O caso da menina britânica Madeleine McCann, 4 --que desapareceu em 3 de maio de um quarto de hotel na praia da Luz, na região do Algarve, em Portugal-- não poderá ser solucionado sem que se comprove sua morte, na opinião de Ilana Casoy, do Núcleo de Estudos e Pesquisas em Psiquiatria Forense e Psicologia Jurídica do Instituto de Psiquiatria do Hospital das Clínicas (SP).

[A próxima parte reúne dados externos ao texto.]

Lemma root_neq0 a : a \in Psi -> a != 0.
Proof. by case: Psi_root => _ Psi0 _ _ _ aPsi; apply: contraNneq Psi0 => <-. Qed.

Lemma root_opp a : a \in Psi -> - a \in Psi.
Proof.
move=> aPsi; have aa_nz : dotp a a != 0 by rewrite gt_eqF ?dotpp_gt0 ?root_neq0.
case: Psi_root => _ _ Psi_refl _ _; have := Psi_refl _ _ aPsi aPsi.
suff -> : refl a a = - a by [].
by rewrite /refl mulfK //; apply/rowP => i; rewrite !mxE; ring.
Qed.

(* The Cartan integers of a and b are positive with product at most 4 by
   Cauchy-Schwarz, so one of them is 1 (giving a - b or b - a as a reflected
   root) or both are 2 (forcing a = b). *)
Lemma root_subr a b :
  a \in Psi -> b \in Psi -> a != b -> 0 < dotp a b -> a - b \in Psi.
Proof.
move=> aPsi bPsi ab ab_gt0; case: Psi_root => _ _ Psi_refl Psi_int _.
have aa_gt0 := dotpp_gt0 (root_neq0 aPsi); have bb_gt0 := dotpp_gt0 (root_neq0 bPsi).
have [z1 Ez1] := Psi_int _ _ aPsi bPsi; have [z2 Ez2] := Psi_int _ _ bPsi aPsi.
rewrite dotpC in Ez1.
have z1_gt0 : (0 < z1)%R by rewrite -(ltr0z R) -Ez1 !mulr_gt0 ?invr_gt0.
have z2_gt0 : (0 < z2)%R by rewrite -(ltr0z R) -Ez2 !mulr_gt0 ?invr_gt0.
have z12_le4 : (z1 * z2 <= 4)%R.
  rewrite -(ler_int R) intrM -Ez1 -Ez2.
  have -> : 2 * dotp a b / dotp a a * (2 * dotp a b / dotp b b) =
            4 * (dotp a b ^+ 2 / (dotp a a * dotp b b)).
    by field; rewrite !gt_eqF.
  by rewrite ger_pMr ?ler_pdivrMr ?mul1r ?dotp_CauchySchwarz ?mulr_gt0.
have : (z1 = 1 \/ z2 = 1 \/ z1 = 2 /\ z2 = 2)%R by lia.
case=> [z1E | [z2E | [z1E z2E]]].
- have := Psi_refl _ _ aPsi bPsi; rewrite /refl (dotpC b a) Ez1 z1E scale1r.
  by move/root_opp; rewrite opprB.
- by have := Psi_refl _ _ bPsi aPsi; rewrite /refl Ez2 z2E scale1r.
- have ab_aa : 2 * dotp a b = (2 : int)%:~R * dotp a a by rewrite -z1E -Ez1 divfK ?gt_eqF.
  have ab_bb : 2 * dotp a b = (2 : int)%:~R * dotp b b by rewrite -z2E -Ez2 divfK ?gt_eqF.
  have /dotpp_eq0/eqP : dotp (a - b) (a - b) = 0.
    by rewrite !dotpBl !dotpBr (dotpC b a); lra.
  by rewrite subr_eq0 (negbTE ab).
Qed.

Lemma base_mem i : gam i \in Psi.
Proof. by case: gam_base. Qed.

Lemma base_coef_inj (c1 c2 : 'I_m.+1 -> R) :
  \sum_i c1 i *: gam i = \sum_i c2 i *: gam i -> forall i, c1 i = c2 i.
Proof.
case: gam_base => _ base_free _ eq_c i; apply/eqP; rewrite -subr_eq0; apply/eqP.
apply: (base_free (fun k => c1 k - c2 k)).
by under eq_bigr do rewrite scalerBl; rewrite sumrB eq_c subrr.
Qed.

Lemma base_delta i : gam i = \sum_k (k == i)%:R *: gam k.
Proof.
rewrite (bigD1 i) //= eqxx scale1r big1 ?addr0 // => k /negbTE->.
by rewrite scale0r.
Qed.

Lemma base_inj : injective gam.
Proof.
move=> i j gij; apply/eqP.
have := @base_coef_inj (fun k => (k == i)%:R) (fun k => (k == j)%:R).
rewrite -!base_delta gij => /(_ erefl i) /eqP; rewrite eqxx.
by case: (i == j) => //; rewrite oner_eq0.
Qed.

Lemma base_subr_notin i j : i != j -> gam i - gam j \notin Psi.
Proof.
move=> ij; apply/negP; case: gam_base => _ _ /[apply] -[c [Ec c_sign]].
have c_delta : forall k, (c k)%:~R = (k == i)%:R - (k == j)%:R :> R.
  apply: (@base_coef_inj (fun k => (c k)%:~R) (fun k => (k == i)%:R - (k == j)%:R)); rewrite -Ec {1}(base_delta i) (base_delta j) -sumrB.
  by apply: eq_bigr => l _; rewrite scalerBl.
have := c_delta i; have := c_delta j; rewrite !eqxx (negbTE ij) eq_sym (negbTE ij).
rewrite subr0 sub0r => cj ci.
case: c_sign => [/(_ j)|/(_ i)]; first by rewrite -(ler0z R) cj oppr_ge0 ler10.
by rewrite -(ler_int R) ci ler10.
Qed.

Lemma base_obtuse i j : i != j -> dotp (gam i) (gam j) <= 0.
Proof.
move=> ij; rewrite leNgt; apply/negP => gij_gt0.
have := base_subr_notin ij; rewrite root_subr ?base_mem //.
by apply: contraNneq ij => /base_inj->.
Qed.

Lemma base_orth_eq0 v : v \in <<Psi>>%VS -> (forall i, dotp v (gam i) = 0) -> v = 0.
Proof.
move=> vPsi v_orth; apply: dotpp_eq0; apply: dotp_span_eq0 vPsi => b bPsi.
case: gam_base => _ _ /(_ b bPsi) [c [-> _]].
by rewrite dotp_sumr big1 // => i _; rewrite dotpZr v_orth mulr0.
Qed.

Local Notation Psi1 := (subroots Psi gam).

Lemma mem_subroots b : b \in Psi1 ->
  b \in Psi /\ exists c : 'I_m.+1 -> int, c ord0 = 0 /\ b = \sum_i (c i)%:~R *: gam i.
Proof. by rewrite mem_filter => /andP[/asboolP]. Qed.

Lemma subroots_sub : {subset Psi1 <= Psi}.
Proof. by move=> b /mem_subroots[]. Qed.

Lemma subroots_neq0 a : a \in Psi1 -> a != 0.
Proof. by move/subroots_sub; apply: root_neq0. Qed.

Lemma subroots_refl a b : a \in Psi1 -> b \in Psi1 -> refl a b \in Psi1.
Proof.
case/mem_subroots=> aPsi [ca [ca0 Ea]] /mem_subroots[bPsi [cb [cb0 Eb]]].
case: Psi_root => _ _ Psi_refl Psi_int _.
rewrite mem_filter Psi_refl // andbT; apply/asboolP.
have [z Ez] := Psi_int _ _ aPsi bPsi.
exists (fun k => cb k - z * ca k); split; first by rewrite ca0 cb0 mulr0 subrr.
rewrite /refl Ez {1}Eb Ea scaler_sumr -sumrB; apply: eq_bigr => k _.
by rewrite intrB intrM scalerBl scalerA.
Qed.

Lemma base_mem_subroots i : i != ord0 -> gam i \in Psi1.
Proof.
move=> i0; rewrite mem_filter base_mem andbT; apply/asboolP.
exists (fun k => (k == i)%:Z); split; first by rewrite eq_sym (negbTE i0).
by rewrite {1}(base_delta i); apply: eq_bigr => k _; case: (k == i).
Qed.


Definition gram : 'M[R]_m.+1 := \matrix_(i, j) dotp (gam i) (gam j).

Lemma gram_unit : gram \in unitmx.
Proof.
have gram_inj (x : 'rV[R]_m.+1) : x *m gram = 0 -> x = 0.
  move=> x_gram; pose v := \sum_i x 0 i *: gam i.
  have v_orth j : dotp v (gam j) = 0.
    have : (x *m gram) 0 j = 0 by rewrite x_gram mxE.
    rewrite mxE => <-; rewrite dotp_suml; apply: eq_bigr => i _.
    by rewrite dotpZl mxE.
  have v0 : v = 0.
    by apply: dotpp_eq0; rewrite {1}/v dotp_suml big1 // => i _; rewrite dotpZl dotpC v_orth mulr0.
  case: gam_base => _ base_free _.
  by apply/rowP => i; rewrite mxE; apply: (base_free (fun i => x 0 i) v0).
rewrite -row_free_unit -kermx_eq0; apply/eqP/row_matrixP => k.
by rewrite row0; apply: gram_inj; rewrite -row_mul mulmx_ker row0.
Qed.

Definition fweight i := \sum_j invmx gram i j *: gam j.

Lemma fweight_dotp_base i k : dotp (fweight i) (gam k) = (i == k)%:R.
Proof.
have : (invmx gram *m gram) i k = (i == k)%:R by rewrite mulVmx ?gram_unit ?mxE.
rewrite mxE => <-.
by rewrite /fweight dotp_suml; apply: eq_bigr => j _; rewrite dotpZl mxE.
Qed.

Lemma fweight_span i : fweight i \in <<Psi>>%VS.
Proof. by rewrite memv_suml // => j _; rewrite memvZ // memv_span ?base_mem. Qed.

Lemma span_fweight_decomp H :
  H \in <<Psi>>%VS -> H = \sum_i dotp H (gam i) *: fweight i.
Proof.
move=> HPsi; apply/eqP; rewrite -subr_eq0; apply/eqP/base_orth_eq0 => [|k].
  by rewrite memvB // memv_suml // => i _; rewrite memvZ // fweight_span.
rewrite dotpBl dotp_suml.
under eq_bigr do rewrite dotpZl fweight_dotp_base.
by rewrite sumr_mul_delta subrr.
Qed.

(* Split x into positive and negative parts with disjoint supports; since the
   simple roots are pairwise obtuse, the negative part v_n of the combination
   satisfies |v_n|^2 <= 0. *)
Lemma base_coef_ge0 (x : 'I_m.+1 -> R) :
  (forall k, 0 <= dotp (\sum_l x l *: gam l) (gam k)) -> forall k, 0 <= x k.
Proof.
move=> x_dotp_ge0.
pose n k := if x k < 0 then - x k else 0.
pose p k := if x k < 0 then 0 else x k.
have x_pn k : x k = p k - n k.
  by rewrite /p /n; case: ifP => _; rewrite ?sub0r ?opprK ?subr0.
have n_ge0 k : 0 <= n k by rewrite /n; case: ifP => // /ltW; rewrite oppr_ge0.
have p_ge0 k : 0 <= p k by rewrite /p; case: ifP => // /negbT; rewrite -leNgt.
have np0 k : n k * p k = 0 by rewrite /n /p; case: ifP; rewrite ?mulr0 ?mul0r.
pose vn := \sum_l n l *: gam l.
have vn_dotp k : dotp vn (gam k) =
    \sum_l p l * dotp (gam l) (gam k) - dotp (\sum_l x l *: gam l) (gam k).
  rewrite /vn !dotp_suml -sumrB; apply: eq_bigr => l _.
  by rewrite !dotpZl x_pn; ring.
have vn_le0 : dotp vn vn <= 0.
  rewrite {1}/vn dotp_suml; apply: sumr_le0 => k _.
  rewrite dotpZl dotpC vn_dotp mulrBr subr_le0 (@le_trans _ _ 0) ?mulr_ge0 //.
  rewrite mulr_sumr; apply: sumr_le0 => l _; rewrite mulrA.
  have [->|lk] := eqVneq l k; first by rewrite np0 mul0r.
  by rewrite mulr_ge0_le0 ?mulr_ge0 ?base_obtuse.
have vn0 : vn = 0 by apply/dotpp_eq0/le_anti; rewrite vn_le0 dotpp_ge0.
case: gam_base => _ base_free _ k.
by rewrite x_pn (base_free n vn0 k) subr0.
Qed.

Lemma fweight_dotp_ge0 i j : 0 <= dotp (fweight i) (fweight j).
Proof.
have -> : dotp (fweight i) (fweight j) = invmx gram j i.
  rewrite {2}/fweight dotp_sumr -[RHS](sumr_mul_delta _ i).
  by apply: eq_bigr => k _; rewrite dotpZr fweight_dotp_base eq_sym.
apply: (base_coef_ge0 (x := invmx gram j)) => k.
by rewrite -/(fweight j) fweight_dotp_base ler0n.
Qed.

Lemma fweight0_perp u : u \in <<Psi1>>%VS -> dotp (fweight ord0) u = 0.
Proof.
apply: dotp_span_eq0 => b /mem_subroots[_ [c [c0 ->]]].
rewrite dotp_sumr (eq_bigr (fun i => (c i)%:~R * (i == ord0)%:R)).
  by rewrite sumr_mul_delta c0.
by move=> i _; rewrite dotpZr fweight_dotp_base eq_sym.
Qed.

Local Notation P := (avgP Psi1).

Lemma proj_subr_span H : H - P H \in <<Psi1>>%VS.
Proof. exact: avgP_subr_span subroots_neq0 subroots_refl H. Qed.

Lemma proj_perp H u : u \in <<Psi1>>%VS -> dotp (P H) u = 0.
Proof. exact: avgP_perp subroots_neq0 subroots_refl H u. Qed.

Lemma span_subroots_sub : (<<Psi1>> <= <<Psi>>)%VS.
Proof. exact/sub_span/subroots_sub. Qed.

Lemma proj_span H : H \in <<Psi>>%VS -> P H \in <<Psi>>%VS.
Proof.
move=> HPsi; have -> : P H = H - (H - P H) by rewrite opprB addrC subrK.
by rewrite memvB // (subvP span_subroots_sub) ?proj_subr_span.
Qed.

Local Notation om := fweight.
Local Notation c0 H := (dotp H (gam ord0)).

Lemma dotpp_le_coord0 H : H \in <<Psi>>%VS ->
    (forall i, 0 <= dotp H (gam i) <= c0 H) ->
  dotp H H <= c0 H ^+ 2 * \sum_i \sum_j dotp (om i) (om j).
Proof.
move=> HPsi H_coord; rewrite {1 2}(span_fweight_decomp HPsi) dotp_suml mulr_sumr.
apply: ler_sum => i _; rewrite dotpZl dotp_sumr !mulr_sumr; apply: ler_sum => j _.
rewrite dotpZr mulrA ler_wpM2r ?fweight_dotp_ge0 // expr2.
by have /andP[? ?] := H_coord i; have /andP[? ?] := H_coord j; rewrite ler_pM.
Qed.

Lemma coord0_le_dotp_fweight0 H : H \in <<Psi>>%VS ->
    (forall i, 0 <= dotp H (gam i)) ->
  c0 H * dotp (om ord0) (om ord0) <= dotp H (om ord0).
Proof.
move=> HPsi H_coord.
have -> : dotp H (om ord0) = \sum_i dotp H (gam i) * dotp (om i) (om ord0).
  by rewrite {1}(span_fweight_decomp HPsi) dotp_suml; under eq_bigr do rewrite dotpZl.
rewrite (bigD1 ord0) //= lerDl; apply: sumr_ge0 => i _.
by rewrite mulr_ge0 ?fweight_dotp_ge0.
Qed.

Lemma fweight_neq0 i : om i != 0.
Proof.
apply/eqP => om0; have := fweight_dotp_base i i.
by rewrite om0 dotp0l eqxx => /eqP; rewrite eq_sym oner_eq0.
Qed.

Para a pesquisadora, que também é membro consultivo da Comissão de Política Criminal e Penitenciária da OAB São Paulo, obter provas de que a menina esteja realmente morta --hipótese que ela diz considerar a mais provável-- é algo "essencial" para o caso. "É claro que, se o corpo for encontrado, teremos muito mais material nessa história, como, por exemplo, a causa da morte", afirmou Casoy em entrevista à Folha Online.

Divulgação
Prova de que Madeleine está morta é essencial para caso, diz Casoy
Prova de que Madeleine está morta é essencial para caso, diz Casoy

Novas escavações para se encontrar o corpo de Madeleine foram anunciadas por jornais portugueses e britânicos nesta quarta-feira.

No entanto, a especialista pondera que não apenas o corpo, mas também outros fatores, podem indicar a morte. "Um especialista inglês afirmou que é possível saber se os fios encontrados no carro são de uma pessoa viva ou morta, pela composição química. Se isso for verdade, teremos um dado importante no caso", afirma ela.

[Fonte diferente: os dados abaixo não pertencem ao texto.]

(* There is $k_0$ such that for every $k\geq k_0$ the following holds. Let $G$ be a finite bipartite graph with vertex classes $A$ and $B$ satisfying $\Delta(G)\leq k^7$, $d(G)\geq k/4$, and $d_G(v)\leq k$ for every $v\in A$. Then $G$ contains a subgraph with maximum degree at most $k$ and average degree at least $k/(400\log k)$.
   Context: $d(G)=2e(G)/|V(G)|$ is the average degree, $d_G(v)$ the degree of $v$, $\Delta(G)$ the maximum degree. Logarithms are to base $2$. *)

From Stdlib Require Import Reals.
From mathcomp Require Import all_boot.
Set Implicit Arguments. Unset Strict Implicit. Unset Printing Implicit Defensive.

Section Graphs.
Variable T : finType.

Definition simple_graph (V : {set T}) (E : rel T) : Prop :=
  symmetric E /\ irreflexive E /\ (forall x y, E x y -> x \in V /\ y \in V).

Definition deg (E : rel T) (v : T) : nat := #|[set w | E v w]|.

Definition edge_set (E : rel T) : {set {set T}} :=
  [set s | [exists x, exists y, E x y && (s == [set x; y])]].

Definition num_edges (E : rel T) : nat := #|edge_set E|.

(* d(G) = 2 e(G) / |V(G)|  (real division; 0 for the empty graph) *)
Definition avg_deg (V : {set T}) (E : rel T) : R :=
  Rdiv (Rmult 2 (INR (num_edges E))) (INR #|V|).

Definition max_deg_le (V : {set T}) (E : rel T) (m : nat) : Prop :=
  forall v, v \in V -> deg E v <= m.

Definition subgraph (VH : {set T}) (EH : rel T) (V : {set T}) (E : rel T) : Prop :=
  simple_graph VH EH /\ VH \subset V /\ (forall x y, EH x y -> E x y).

Definition bipartite_classes (V : {set T}) (E : rel T) (A B : {set T}) : Prop :=
  A :&: B = set0 /\ A :|: B = V /\
  (forall x y, E x y -> (x \in A /\ y \in B) \/ (x \in B /\ y \in A)).
End Graphs.

Definition log2 (x : R) : R := Rdiv (ln x) (ln 2).

From Stdlib Require Import Reals Lra Psatz.
From mathcomp Require Import all_boot zify.
Set Implicit Arguments. Unset Strict Implicit. Unset Printing Implicit Defensive.

(* MathComp's [ring_scope] takes over the key [%R]. *)
Delimit Scope R_scope with Re.

(* Since Delta(G) <= k^7, the vertices of B fall into O(log k) dyadic
   classes, those whose degree lies in [(M-1)k, 2Mk] for M = 2^t, and one class Y
   carries a 1/O(log k) share of the edges.  Colour all vertices with M colours so
   as to minimise sum_(y in Y) sum_j d_j(y)^2, where d_j(y) counts the neighbours
   of y of colour j.  Recolouring a single vertex cannot help, which bounds this
   sum by (2k+1) sum_(y in Y) d(y); as 4kd <= 4k min(d,k) + d^2, the capped counts
   min(d_j(y), k) then add up to at least a quarter of the degrees in Y.  For a
   colour j chosen by averaging, join each y in Y to at most k of its neighbours
   of colour j: vertices of A already have degree at most k, so this subgraph on
   Y plus colour class j has maximum degree k and average degree
   Omega(k / log k). *)

Lemma card_set_sum (T : finType) (P : pred T) : #|[set x | P x]| = \sum_x P x.
Proof. by rewrite -sum1dep_card big_mkcond. Qed.

Lemma card_set_take_enum (T : finType) (S : {set T}) (n : nat) :
  #|[set x in take n (enum S)]| = minn #|S| n.
Proof.
rewrite cardsE; move/card_uniqP: (take_uniq n (enum_uniq (mem S))) => ->.
by rewrite size_take_min -cardE minnC.
Qed.

Lemma exists_ratio_ge_mediant (I : finType) (i0 : I) (f g : I -> nat) :
  exists j, g j * \sum_i f i <= f j * \sum_i g i.
Proof.
apply/existsP; case: (boolP [exists j, _]) => // /existsPn small; exfalso.
have : \sum_j (f j * \sum_i g i + 1) <= \sum_j g j * \sum_i f i.
  by apply: leq_sum => j _; rewrite addn1 ltnNge small.
rewrite big_split -!big_distrl /= sum1_card mulnC.
apply/negP; rewrite -ltnNge -[X in X < _]addn0 ltn_add2l.
by apply/card_gt0P; exists i0.
Qed.

Lemma exists_dyadic_scale (k n m : nat) : n <= 2 ^ m.+1 * k ->
  exists t, [/\ t <= m, 2 ^ t * k <= k + n & n <= 2 * 2 ^ t * k].
Proof.
elim: m => [|m IHm] n_le; first by exists 0; rewrite mul1n leq_addr.
have [/IHm [t [tm lo hi]] | big] := leqP n (2 ^ m.+1 * k).
  by exists t; split => //; apply: leqW.
by exists m.+1; rewrite -expnS; split => //; apply: ltnW; rewrite ltn_addl.
Qed.

Section MonochromaticWeight.
Variables (T : finType) (w : T -> T -> nat) (M : nat).
Hypothesis w_sym : forall u z, w u z = w z u.
Implicit Types (c : {ffun T -> 'I_M}) (x : T) (j : 'I_M).

Definition mono_weight c := \sum_u \sum_z w u z * (c u == c z).

Definition colour_weight c x j := \sum_(z | z != x) w x z * (j == c z).

Definition recolour c x j : {ffun T -> 'I_M} :=
  [ffun z => if z == x then j else c z].

Lemma mono_weight_split c x :
  mono_weight c = w x x + 2 * colour_weight c x (c x) +
                  \sum_(u | u != x) \sum_(z | z != x) w u z * (c u == c z).
Proof.
rewrite /mono_weight (bigD1 x) //= (bigD1 x) //= eqxx muln1.
have -> : \sum_(u | u != x) \sum_z w u z * (c u == c z) =
          colour_weight c x (c x) +
          \sum_(u | u != x) \sum_(z | z != x) w u z * (c u == c z).
  rewrite /colour_weight -big_split; apply: eq_bigr => u ux.
  by rewrite (bigD1 x) // w_sym eq_sym.
rewrite -/(colour_weight c x (c x)); lia.
Qed.

Lemma mono_weight_min_colour c x j :
  (forall c', mono_weight c <= mono_weight c') ->
  colour_weight c x (c x) <= colour_weight c x j.
Proof.
move/(_ (recolour c x j)); rewrite !(mono_weight_split _ x) ffunE eqxx.
have -> : colour_weight (recolour c x j) x j = colour_weight c x j.
  by apply: eq_bigr => z zx; rewrite ffunE (negbTE zx).
have -> : \sum_(u | u != x) \sum_(z | z != x) w u z * (recolour c x j u == recolour c x j z)
        = \sum_(u | u != x) \sum_(z | z != x) w u z * (c u == c z).
  apply: eq_bigr => u ux; apply: eq_bigr => z zx.
  by rewrite !ffunE (negbTE ux) (negbTE zx).
lia.
Qed.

Embora considere a hipótese de morte a mais plausível, ela diz que as versões sobre uma possível morte acidental são "nebulosas". "Os pais são médicos, que acidente seria esse que teriam de esconder?", questiona.

A criança desapareceu no dia 3 de maio em um complexo turístico em Praia da Luz, no Algarve, sul de Portugal.

Os pais, Gerry e Kate McCann, lançaram uma campanha de grandes proporções para encontrar a filha. No entanto, na última sexta-feira (7), o caso sofreu uma reviravolta, pois a Polícia Judiciária de Portugal apontou os McCann como suspeitos oficiais do desaparecimento da menina.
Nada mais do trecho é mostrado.